Dataset records>
———

(* Let $A_1,\dots,A_n$ be formulae built from variables other than $q$ using only $\cdot$, $\backslash$, $/$. For $i=1,\dots,n$ let $Z_i=([]^{-1}(!A_i\cdot\langle\rangle\langle\rangle q))/q$, and let $$\Phi = !((s/s)/!Z_1),\ !Z_1,\ \dots,\ !((s/s)/!Z_n),\ !Z_n,\ !((s/s)/\langle\rangle\langle\rangle q),\ [[q]].$$ Let $\mathcal{S}$ be either $\mathcal{F}^{\mathrm{mult}}_{2018}$ or $\mathcal{F}^{-,\mathrm{mult}}_{2018}$. Then $\Phi$ internalises $\{A_1,\dots,A_n\}$ in $\mathcal{S}$, that is: (1) the sequent $\Phi,s\to s$ is derivable in $\mathcal{S}$; (2) for every $i$, all sequences of tree terms $\Delta_1,\Delta_2$ and every formula $C$, if $\Phi,\Delta_1,A_i,\Delta_2\to C$ is derivable in $\mathcal{S}$ then so is $\Phi,\Delta_1,\Delta_2\to C$; (3) the sequent $!A_1,\dots,!A_n\to\prod\pi_q(\Phi)$ is derivable in $\mathcal{E}^{\mathrm{mult}}$.
   Context: $s$ and $q$ are two fixed distinct variables. Formulae are built from a countable set of variables and $\mathbf1$ by $\backslash,/,\cdot$ and the unary $\langle\rangle$, $[]^{-1}$, $!$. Stoup-free bracketed calculus $\mathcal{F}^{\mathrm{mult}}_{2018}$: a tree term is a formula or $[\Xi]$ with $\Xi$ a meta-formula; a meta-formula is a finite sequence of tree terms (empty $\Lambda$); sequents $\Xi\to C$; $\Xi(\Theta)$ designates an occurrence of a meta-formula $\Theta$ which is $\Xi$ itself or the full content of some bracket $[\Theta]$ at any depth. Rules: axioms $A\to A$, $\Lambda\to\mathbf1$; ($/L$) from $\Gamma\to B$ and $\Xi(\Delta_1,C,\Delta_2)\to D$ infer $\Xi(\Delta_1,C/B,\Gamma,\Delta_2)\to D$; ($/R$) from $\Gamma,B\to C$ infer $\Gamma\to C/B$; ($\backslash L$) from $\Gamma\to A$ and $\Xi(\Delta_1,C,\Delta_2)\to D$ infer $\Xi(\Delta_1,\Gamma,A\backslash C,\Delta_2)\to D$; ($\backslash R$) from $A,\Gamma\to C$ infer $\Gamma\to A\backslash C$; ($\cdot L$) from $\Xi(\Delta_1,A,B,\Delta_2)\to D$ infer $\Xi(\Delta_1,A\cdot B,\Delta_2)\to D$; ($\cdot R$) from $\Delta\to A$ and $\Gamma\to B$ infer $\Delta,\Gamma\to A\cdot B$; ($\mathbf1L$) from $\Xi(\Delta_1,\Delta_2)\to A$ infer $\Xi(\Delta_1,\mathbf1,\Delta_2)\to A$; ($[]^{-1}L$) from $\Xi(\Delta_1,A,\Delta_2)\to B$ infer $\Xi(\Delta_1,[[]^{-1}A],\Delta_2)\to B$; ($[]^{-1}R$) from $[\Xi]\to A$ infer $\Xi\to[]^{-1}A$; ($\langle\rangle L$) from $\Xi(\Delta_1,[A],\Delta_2)\to B$ infer $\Xi(\Delta_1,\langle\rangle A,\Delta_2)\to B$; ($\langle\rangle R$) from $\Xi\to A$ infer $[\Xi]\to\langle\rangle A$; ($!L$) from $\Xi(\Delta_1,A,\Delta_2)\to C$ infer $\Xi(\Delta_1,!A,\Delta_2)\to C$; ($!P_1$) from $\Xi(\Delta_1,!A,\Phi,\Delta_2)\to C$ infer $\Xi(\Delta_1,\Phi,!A,\Delta_2)\to C$; ($!P_2$) the converse; ($!R$) from $!A\to B$ infer $!A\to!B$; ($!C$) from $\Xi(!A,\Gamma_1,[!A,\Gamma_2],\Gamma_3)\to C$ infer $\Xi(!A,\Gamma_1,[[\Gamma_2]],\Gamma_3)\to C$; (cut) from $\Pi\to A$ and $\Xi(\Gamma_1,A,\Gamma_2)\to C$ infer $\Xi(\Gamma_1,\Pi,\Gamma_2)\to C$. $\mathcal{F}^{-,\mathrm{mult}}_{2018}$ is $\mathcal{F}^{\mathrm{mult}}_{2018}$ restricted to formulae without $\mathbf1$, without $\Lambda\to\mathbf1$ and $\mathbf1L$, with $\backslash R,/R$ only if $\Gamma\neq\Lambda$ and $!C$ only if $\Gamma_2\neq\Lambda$. Bracket-free calculus $\mathcal{E}^{\mathrm{mult}}$: formulae without bracket modalities; sequents $\Pi\to A$, $\Pi$ a finite sequence of formulae; axioms $A\to A$, $\Lambda\to\mathbf1$; standard Lambek rules ($\backslash L$: from $\Pi\to A$ and $\Delta_1,B,\Delta_2\to C$ infer $\Delta_1,\Pi,A\backslash B,\Delta_2\to C$; $\backslash R$; $/L$: from $\Pi\to A$ and $\Delta_1,B,\Delta_2\to C$ infer $\Delta_1,B/A,\Pi,\Delta_2\to C$; $/R$; $\cdot L$; $\cdot R$; $\mathbf1L$); ($!R$) from $!A_1,\dots,!A_m\to B$ infer $!A_1,\dots,!A_m\to!B$ ($m\geq0$); ($!L$) from $\Delta_1,A,\Delta_2\to C$ infer $\Delta_1,!A,\Delta_2\to C$; ($!P_{1,2}$) permuting $!A$ with any sequence in either direction; ($!C$) from $\Delta_1,!A,!A,\Delta_2\to C$ infer $\Delta_1,!A,\Delta_2\to C$; ($!W$) from $\Delta_1,\Delta_2\to C$ infer $\Delta_1,!A,\Delta_2\to C$; (cut). The projection $\pi_q$ maps formulae by $\pi_q(q)=\mathbf1$, $\pi_q(p)=p$ for variables $p\ne q$, $\pi_q(\mathbf1)=\mathbf1$, commuting with $\backslash,/,\cdot,!$, and $\pi_q(\langle\rangle A)=\pi_q([]^{-1}A)=\pi_q(A)$; on meta-formulae it is applied elementwise and erases brackets. For a sequence $E_1,\dots,E_k$ of formulae, $\prod(E_1,\dots,E_k)=E_1\cdot\ldots\cdot E_k$. *)

From Stdlib Require Import List Bool.
Import ListNotations.
Local Open Scope bool_scope.

(** Formulae of the bracketed calculi. Variables are natural numbers.
    [Under A C] is A\C, [Over C B] is C/B, [Dia A] is <>A,
    [BoxInv A] is []^{-1}A, [Bang A] is !A. *)
Inductive formula : Type :=
| Var (p : nat)
| One
| Under (A C : formula)
| Over (C B : formula)
| Prod (A B : formula)
| Dia (A : formula)
| BoxInv (A : formula)
| Bang (A : formula).

(** Tree terms: a formula, or a bracketed meta-formula [Xi]. *)
Inductive tterm : Type :=
| TF (A : formula)
| TB (l : list tterm).

Definition meta := list tterm.

(** Contexts Xi(_): the hole is either the whole meta-formula or the full
    content of some bracket, at any depth. *)
Inductive ctx : Type :=
| Hole
| InBr (l : meta) (c : ctx) (r : meta).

———

How to complete this task> Copy out each line of the data that includes the string "Under".

Worked solution>
    [Under A C] is A\C, [Over C B] is C/B, [Dia A] is <>A,
| Under (A C : formula)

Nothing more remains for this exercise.